ChIP-exo testing was initially prioritized in K562, MCF-7, and HepG2, using gene expression values (FPKM in RNA-seq) generated from the ENCODE Project Consortium as the basis for the cell type used (Uhlén et al. 2005; The ENCODE Project Consortium 2012). Targets were assigned to the cell type most likely to express the protein of interest. If no cell line had a clear high expression for a specific target (>25% FPKM relative to all other considered cell lines), testing defaulted to K562. K562 was selected as the default owing to its status as a Tier 1 ENCODE cell line and the plethora of existing genomic data that could orthogonally support any findings. Samples were processed in batches of 48 in 96-well plate format. The PCRP-derived USF1 or NRF1 antibody served as a positive control for every processed cohort as well as an IgG or “no antibody” mock ChIP-negative control. Cross-linked sonicated chromatin from approximately 7 million cells was incubated with antibody-bound beads and then subjected to the ChIP-exo 5.0 assay (Rossi et al. 2018).
ChIP-exo 5.0 assay
Chromatin for ChIP-exo was prepared by resuspending cross-linked and quenched chromatin in Farnham cell lysis buffer at a ratio of 25 million cells to 1 mL of buffer for 20 min at 4°C. At the 10-min mark, cells were pushed through a 25-gauge needle five times to enhance cellular lysis. Nuclei were then isolated by pelleting at 2500g for 5 min. Nuclei were resuspended in RIPA buffer (25 million cells to 1 mL of buffer) for an additional 20 min at 4°C and then pelleted again at 2500g for 5 min. Disrupted nuclei were then finally resuspended in 1× PBS (25 million cells to 1 mL of buffer) and sonicated for 10 cycles (30-on/30-off) in a Diagenode pico. Solubilized chromatin was then processed through ChIP-exo. Production-scale ChIP-exo 5.0 was generally performed in batches of 48 in a 96-well plate, alternating every column to reduce risk of cross-contamination. Briefly, solubilized chromatin was incubated with pAG Dynabeads, preloaded with 3 ug of antibody overnight, then sequentially processed through A-tailing, first adapter ligation, Phi29 fill-in, lambda exonuclease digestion, cross-link reversal, second adapter ligation, and PCR for final high-throughput sequencing. Equal proportions of ChIP samples were barcoded, pooled, and sequenced.
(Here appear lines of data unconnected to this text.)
(* Let $\mu=\mu(n)$ and $\lambda=\lambda(n)$ be positive integers depending on $n$, and consider the expected runtime of the $(\mu,\lambda)$ EA on the $n$-dimensional OneMax function. 1. If there is a constant $\varepsilon\in(0,1)$ such that $\lambda\le(1-\varepsilon)e\mu$, then the expected runtime is exponential in $n$. 2. If there is $\varepsilon=\varepsilon(n)\in(0,1)$ with $\varepsilon=\omega(1/\sqrt n)$ such that $\lambda\le(1-\varepsilon)e\mu$, then the expected runtime is super-polynomial in $n$.
   Context: OneMax is $f:\{0,1\}^n\to\mathbb{R}$, $f(x)=\sum_i x_i$. The $(\mu,\lambda)$ EA: the initial population $P_0$ consists of $\mu$ independent uniformly random points of $\{0,1\}^n$. In each generation $t=0,1,2,\dots$, it creates $\lambda$ offspring independently; each offspring is obtained by picking a parent uniformly at random from $P_t$ and flipping each bit of a copy of it independently with probability $1/n$ (standard bit mutation). $P_{t+1}$ consists of the $\mu$ offspring with the largest $f$-values, ties broken randomly (parents are discarded). The runtime is the number of fitness evaluations until an optimum (the all-ones string) is first evaluated. *)

From Stdlib Require Import Reals Lra Lia Arith List.
Import ListNotations.
Open Scope R_scope.

Definition dist (A : Type) : Type := list (R * A).

Definition ret {A : Type} (x : A) : dist A := [(1, x)].

Definition bind {A B : Type} (d : dist A) (f : A -> dist B) : dist B :=
  flat_map (fun px => map (fun qy => (fst px * fst qy, snd qy)) (f (snd px))) d.

(** Uniform distribution over the positions of a list (duplicates counted
    with multiplicity). *)
Definition uniform {A : Type} (l : list A) : dist A :=
  map (fun x => (/ INR (length l), x)) l.

Definition mass {A : Type} (P : A -> bool) (d : dist A) : R :=
  fold_right Rplus 0 (map (fun px => if P (snd px) then fst px else 0) d).

Definition bitstring := list bool.

Fixpoint allbits (n : nat) : list bitstring :=
  match n with
  | O => [[]]
  | S m => flat_map (fun s => [false :: s; true :: s]) (allbits m)
  end.

Definition onemax (x : bitstring) : nat := length (filter (fun b => b) x).

Definition is_opt (x : bitstring) : bool := forallb (fun b => b) x.

Fixpoint mutate (p : R) (x : bitstring) : dist bitstring :=
  match x with
  | [] => ret []
  | b :: y =>
      bind [(1 - p, b); (p, negb b)] (fun b' =>
      bind (mutate p y) (fun y' => ret (b' :: y')))
  end.

(** * Selection: the mu best (by OneMax) with uniformly random tie-breaking,
    implemented as a uniformly random shuffle followed by a stable sort
    (descending fitness) and keeping the first mu. *)
Fixpoint remove_nth {A : Type} (i : nat) (l : list A) : list A :=
  match l, i with
  | [], _ => []
  | _ :: t, O => t
  | h :: t, S j => h :: remove_nth j t
  end.

Fixpoint shuffle_aux (fuel : nat) (l : list bitstring) : dist (list bitstring) :=
  match fuel with
  | O => ret []
  | S f =>
      bind (uniform (seq 0 (length l))) (fun i =>
      bind (shuffle_aux f (remove_nth i l)) (fun r =>
      ret (nth i l [] :: r)))
  end.

Definition shuffle (l : list bitstring) : dist (list bitstring) :=
  shuffle_aux (length l) l.

Fixpoint insert_desc (x : bitstring) (l : list bitstring) : list bitstring :=
  match l with
  | [] => [x]
  | y :: ys => if Nat.leb (onemax y) (onemax x) then x :: y :: ys
               else y :: insert_desc x ys
  end.

Fixpoint sort_desc (l : list bitstring) : list bitstring :=
  match l with
  | [] => []
  | x :: xs => insert_desc x (sort_desc xs)
  end.

Definition select (mu : nat) (off : list bitstring) : dist (list bitstring) :=
  bind (shuffle off) (fun s => ret (firstn mu (sort_desc s))).

(** * The (mu,lambda) EA as a Markov chain whose steps are single fitness
    evaluations. *)
Inductive state : Type :=
| Init (pop : list bitstring)                    (* initial points evaluated so far *)
| Gen (pop : list bitstring) (off : list bitstring)  (* parents, offspring so far *)
| Done.                                          (* optimum has been evaluated *)

Definition step (n mu lam : nat) (s : state) : dist state :=
  match s with
  | Done => ret Done
  | Init pop =>
      bind (uniform (allbits n)) (fun x =>
        if is_opt x then ret Done
        else let pop' := pop ++ [x] in
             if Nat.eqb (length pop') mu then ret (Gen pop' [])
             else ret (Init pop'))
  | Gen pop off =>
      bind (uniform pop) (fun parent =>
      bind (mutate (/ INR n) parent) (fun y =>
        if is_opt y then ret Done
        else let off' := off ++ [y] in
             if Nat.eqb (length off') lam
             then bind (select mu off') (fun P => ret (Gen P []))
             else ret (Gen pop off')))
  end.

Fixpoint state_after (n mu lam k : nat) : dist state :=
  match k with
  | O => ret (Init [])
  | S j => bind (state_after n mu lam j) (step n mu lam)
  end.

Definition not_done (s : state) : bool :=
  match s with Done => false | _ => true end.

(** P(T > k), T = number of fitness evaluations until the optimum is first
    evaluated *)
Definition runtime_tail (n mu lam k : nat) : R :=
  mass not_done (state_after n mu lam k).

(** E[T] >= B, using E[T] = sum_{k>=0} P(T > k) (allowing E[T] = +infinity). *)
Definition expected_runtime_ge (n mu lam : nat) (B : R) : Prop :=
  exists K : nat,
    fold_right Rplus 0 (map (runtime_tail n mu lam) (seq 0 K)) >= B.

From Pilot Require Import Defs.
From Stdlib Require Import Reals Lra Lia Arith List Permutation.
Import ListNotations.
Open Scope R_scope.

(* Idea: weigh a bit string x by w(x) = z ^ (onemax x) for a base z > 1.  A
   standard bit mutation of a string with few zero-bits multiplies its weight
   by about e^(-1 + eps) on average, which the selection pressure lam/mu <=
   (1 - eps) e cannot compensate; strings with many zero-bits weigh almost
   nothing compared with z^n.  This gives the mutation inequality
       lam * E[w(mutant of x)] <= mu * (w(x) + B)
   with a slack B much smaller than z^n.  Consequently a potential Phi (the
   weight already created in the current phase plus the expected weight still
   to be created) rises by at most C0 + B per fitness evaluation, where
   C0 = ((1 + z)/2)^n is the mean weight of a random string, whereas Phi >= z^n
   once the optimum is evaluated.  Markov's inequality bounds P(T <= k) by
   k (C0 + B) / z^n, and summing the tail probabilities bounds E[T] below. *)

(** * Expectations over finite weighted lists *)

Definition lsum {A : Type} (f : A -> R) (l : list A) : R :=
  fold_right Rplus 0 (map f l).

Lemma lsum_app {A : Type} (f : A -> R) l1 l2 : lsum f (l1 ++ l2) = lsum f l1 + lsum f l2.
Proof. induction l1 as [|x l IH]; unfold lsum in *; simpl; [ring|]. rewrite IH; ring. Qed.

Lemma lsum_snoc {A : Type} (f : A -> R) l x : lsum f (l ++ [x]) = lsum f l + f x.
Proof. rewrite lsum_app; unfold lsum; simpl; ring. Qed.

Lemma lsum_linear {A : Type} (f g : A -> R) a l :
  lsum (fun x => a * f x + g x) l = a * lsum f l + lsum g l.
Proof. induction l as [|x l IH]; unfold lsum in *; simpl; [ring|]. rewrite IH; ring. Qed.

Lemma lsum_const {A : Type} c (l : list A) : lsum (fun _ => c) l = INR (length l) * c.
Proof.
  induction l as [|x l IH]; unfold lsum in *; simpl length; [simpl; ring|].
  rewrite S_INR; simpl; rewrite IH; ring.
Qed.

Lemma lsum_mono {A : Type} (f g : A -> R) l :
  (forall x, In x l -> f x <= g x) -> lsum f l <= lsum g l.
Proof.
  induction l as [|x l IH]; unfold lsum in *; simpl; intros H; [lra|].
  assert (f x <= g x) by auto.
  assert (fold_right Rplus 0 (map f l) <= fold_right Rplus 0 (map g l)) by auto.
  lra.
Qed.

Lemma lsum_nonneg {A : Type} (f : A -> R) l : (forall x, 0 <= f x) -> 0 <= lsum f l.
Proof.
  intros H. rewrite <- (Rmult_0_r (INR (length l))), <- lsum_const.
  apply lsum_mono; auto.
Qed.

Lemma lsum_perm (f : bitstring -> R) l1 l2 : Permutation l1 l2 -> lsum f l1 = lsum f l2.
Proof. induction 1; unfold lsum in *; simpl; lra. Qed.

Lemma lsum_firstn {A : Type} (f : A -> R) k l : (forall x, 0 <= f x) ->
  lsum f (firstn k l) <= lsum f l.
Proof.
  intros Hf. rewrite <- (firstn_skipn k l) at 2. rewrite lsum_app.
  pose proof (lsum_nonneg f (skipn k l) Hf). lra.
Qed.

Definition E {A : Type} (f : A -> R) (d : Defs.dist A) : R :=
  lsum (fun px => fst px * f (snd px)) d.

Definition supported {A : Type} (P : A -> Prop) (d : Defs.dist A) : Prop :=
  forall px, In px d -> P (snd px).

Definition is_prob {A : Type} (d : Defs.dist A) : Prop :=
  (forall px, In px d -> 0 <= fst px) /\ E (fun _ => 1) d = 1.

Lemma E_cons {A : Type} (f : A -> R) p x d : E f ((p, x) :: d) = p * f x + E f d.
Proof. reflexivity. Qed.

Lemma E_app {A : Type} (f : A -> R) d1 d2 : E f (d1 ++ d2) = E f d1 + E f d2.
Proof. apply lsum_app. Qed.

Lemma E_ret {A : Type} (f : A -> R) x : E f (ret x) = f x.
Proof. unfold E, lsum, ret; simpl; ring. Qed.

Lemma E_bind {A B : Type} (f : B -> R) (d : Defs.dist A) (g : A -> Defs.dist B) :
  E f (bind d g) = E (fun x => E f (g x)) d.
Proof.
  assert (Hscale : forall p (l : Defs.dist B),
    E f (map (fun qy => (p * fst qy, snd qy)) l) = p * E f l).
  { intros p l; induction l as [|[q y] l IH]; unfold E, lsum in *; simpl; [ring|].
    rewrite IH; ring. }
  induction d as [|[p x] d IH]; [reflexivity|].
  unfold bind in *; simpl. rewrite E_app, Hscale, IH. reflexivity.
Qed.

Lemma E_ext {A : Type} (f g : A -> R) d :
  supported (fun x => f x = g x) d -> E f d = E g d.
Proof.
  induction d as [|[p x] d IH]; intros H; [reflexivity|].
  rewrite !E_cons, IH.
  - rewrite (H (p, x) (or_introl eq_refl) : f x = g x); reflexivity.
  - intros px Hpx; apply H; right; exact Hpx.
Qed.

Lemma E_linear {A : Type} (f g : A -> R) a d :
  E (fun x => a * f x + g x) d = a * E f d + E g d.
Proof. induction d as [|[p x] d IH]; unfold E, lsum in *; simpl; [ring|]. rewrite IH; ring. Qed.

Lemma E_scale {A : Type} (f : A -> R) a d : E (fun x => a * f x) d = a * E f d.
Proof. induction d as [|[p x] d IH]; unfold E, lsum in *; simpl; [ring|]. rewrite IH; ring. Qed.

Lemma E_mono {A : Type} (f g : A -> R) d : (forall px, In px d -> 0 <= fst px) ->
  supported (fun x => f x <= g x) d -> E f d <= E g d.
Proof.
  induction d as [|[p x] d IH]; intros Hw H; [apply Rle_refl|].
  rewrite !E_cons.
  assert (0 <= p) by (apply (Hw (p, x)); left; reflexivity).
  assert (f x <= g x) by (apply (H (p, x)); left; reflexivity).
  assert (E f d <= E g d).
  { apply IH; intros px Hpx; [apply Hw | apply H]; right; exact Hpx. }
  nra.
Qed.

Lemma E_const {A : Type} (c : R) (d : Defs.dist A) : is_prob d -> E (fun _ => c) d = c.
Proof.
  intros [_ Hd].
  transitivity (c * E (fun _ => 1) d); [|rewrite Hd; ring].
  clear Hd; induction d as [|[p x] d IH]; unfold E, lsum in *; simpl; [ring|].
  rewrite IH; ring.
Qed.

Lemma E_bound {A : Type} (f g : A -> R) K d : is_prob d ->
  supported (fun x => f x <= K + g x) d -> E f d <= K + E g d.
Proof.
  intros Hd H. rewrite <- (E_const K d Hd), <- (Rmult_1_l (E (fun _ => K) d)).
  rewrite <- E_linear. apply E_mono; [apply Hd|].
  intros px Hpx; specialize (H px Hpx); simpl; lra.
Qed.

Lemma E_nonneg {A : Type} (f : A -> R) d : (forall px, In px d -> 0 <= fst px) ->
  supported (fun x => 0 <= f x) d -> 0 <= E f d.
Proof.
  intros Hw H.
  assert (Hzero : E (fun _ => 0) d = 0).
  { clear Hw H. induction d as [|[p x] d IH]; [reflexivity|].
    rewrite E_cons, IH; ring. }
  rewrite <- Hzero. apply E_mono; assumption.
Qed.

Lemma mass_E {A : Type} (P : A -> bool) d :
  mass P d = E (fun x => if P x then 1 else 0) d.
Proof.
  induction d as [|[p x] d IH]; [reflexivity|].
  unfold mass in *; simpl. rewrite IH, E_cons. destruct (P x); ring.
Qed.

Lemma supported_ret {A : Type} (P : A -> Prop) x : P x -> supported P (ret x).
Proof. intros Hx px [<- | []]; exact Hx. Qed.

Lemma supported_bind {A B : Type} (P : B -> Prop) (d : Defs.dist A) (g : A -> Defs.dist B) :
  supported (fun x => supported P (g x)) d -> supported P (bind d g).
Proof.
  intros H py Hpy. unfold bind in Hpy. apply in_flat_map in Hpy as [px [Hpx Hy]].
  apply in_map_iff in Hy as [qy [<- Hqy]]. exact (H px Hpx qy Hqy).
Qed.

Lemma supported_impl {A : Type} (P Q : A -> Prop) d :
  (forall x, P x -> Q x) -> supported P d -> supported Q d.
Proof. intros HPQ H px Hpx; exact (HPQ _ (H px Hpx)). Qed.

Lemma is_prob_ret {A : Type} (x : A) : is_prob (ret x).
Proof. split; [intros px [<- | []]; simpl; lra | rewrite E_ret; reflexivity]. Qed.

Lemma is_prob_bind {A B : Type} (d : Defs.dist A) (g : A -> Defs.dist B) :
  is_prob d -> supported (fun x => is_prob (g x)) d -> is_prob (bind d g).
Proof.
  intros [Hw Hd] Hg. split.
  - intros py Hpy. unfold bind in Hpy. apply in_flat_map in Hpy as [px [Hpx Hy]].
    apply in_map_iff in Hy as [qy [<- Hqy]]. simpl.
    apply Rmult_le_pos; [exact (Hw px Hpx) | exact (proj1 (Hg px Hpx) qy Hqy)].
  - rewrite E_bind. transitivity (E (fun _ => 1) d); [|exact Hd].
    apply E_ext. intros px Hpx; apply (Hg px Hpx).
Qed.

Lemma E_uniform {A : Type} (f : A -> R) l : E f (uniform l) = / INR (length l) * lsum f l.
Proof.
  unfold uniform. generalize (/ INR (length l)) as c; intros c.
  induction l as [|x l IH]; unfold E, lsum in *; simpl in *; [ring|]. rewrite IH; ring.
Qed.

Lemma supported_uniform {A : Type} (l : list A) : supported (fun x => In x l) (uniform l).
Proof. intros px Hpx. unfold uniform in Hpx. apply in_map_iff in Hpx as [x [<- Hx]]; exact Hx. Qed.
Illumina paired-end read (40-bp Read_1 and 36-bp Read_2) sequencing was performed on a NextSeq 500 and 550. Although, on average, we sought approximately 10 million total paired-end reads per ChIP, we accepted less if there was strong evidence of target enrichment. Otherwise, we performed an additional round of sequencing. The 5′ end of Read_1 corresponded to the exonuclease stop site, located ∼6 bp upstream of a protein–DNA cross-link. Read_2 served two indirect functions: to provide added specificity to genome-wide mapping and to remove PCR duplicates.
ChIP-seq
We fixed 1 × 108 cells in 1% formaldehyde (Sigma-Aldrich 252549) in PBS for 15–20 min at room temperature and quenched with 1/10th volume of 1.25 M glycine for 5 min at room temperature. Cells were collected at 1000g for 5 min, washed in PBS, and pelleted at 1000 × g for 5 min, and pellets were flash-frozen in liquid nitrogen and stored at −80°C until use. Pellets were thawed on ice and resuspended in 10 mL lysis buffer 1 (50 mM HEPES at pH 7.5, 140 mM NaCl, 1 mM EDTA, 10% glycerol, 0.5% IGEPAL CA-630, 0.25% Triton X-100 with 5 µL/mL Sigma-Aldrich 8340 protease inhibitor cocktail), incubated on ice 10 min, pelleted 1500g, and subsequently washed in lysis buffer 2 (10 mM Tris-HCl at pH 8.0, 200 mM NaCl, 1 mM EDTA, 0.5 mM EGTA and 5 uL/mL protease inhibitor) as with lysis buffer 1 before resuspending in 1 mL lysis buffer 3 (10 mM tris-HCl at pH 8.0, 1 mM EDTA, 0.1% SDS, and 5 uL/mL protease inhibitors) for sonication as previously described (Lee et al. 2006). Chromatin was sheared in a 1-mL milliTUBE with AFA fiber on a Covaris E220 using 10% duty factor for 2 min. The sheared chromatin concentration was estimated with NanoDrop at OD260 and diluted to 1 mg/mL in ChIP dilution buffer (10% Triton X-100, 1 M NaCl, and 1% sodium deoxycholate). One milligram chromatin was combined with 4 µg hybridoma tissue culture supernatant and rotated overnight at 4°C. Forty microliters of protein G Dynabeads was added and incubated for 2–4 h rotating at 4°C. Samples were washed five times with 1 mL RIPA buffer, two times with TE with 50 mM NaCl. Chromatin was eluted with 800 µL elution buffer (50 mM Tris at pH 8.0, 1 mM EDTA, 0.1% SDS) for 30 min at 65°C, shaking at 1500 rpm in a ThermoMixer (Eppendorf). Supernatants were collected, digested with 20 µL of 20 mg/mL Proteinase K, and incubated overnight at 65°C. DNA was purified with phenol chloroform extraction. Five hundred microliters of the aqueous phase was precipitated with 20 µL 5 M NaCl, 1.5 µg glycogen, and 1 mL EtOH for 1 h on ice or overnight at −20°C.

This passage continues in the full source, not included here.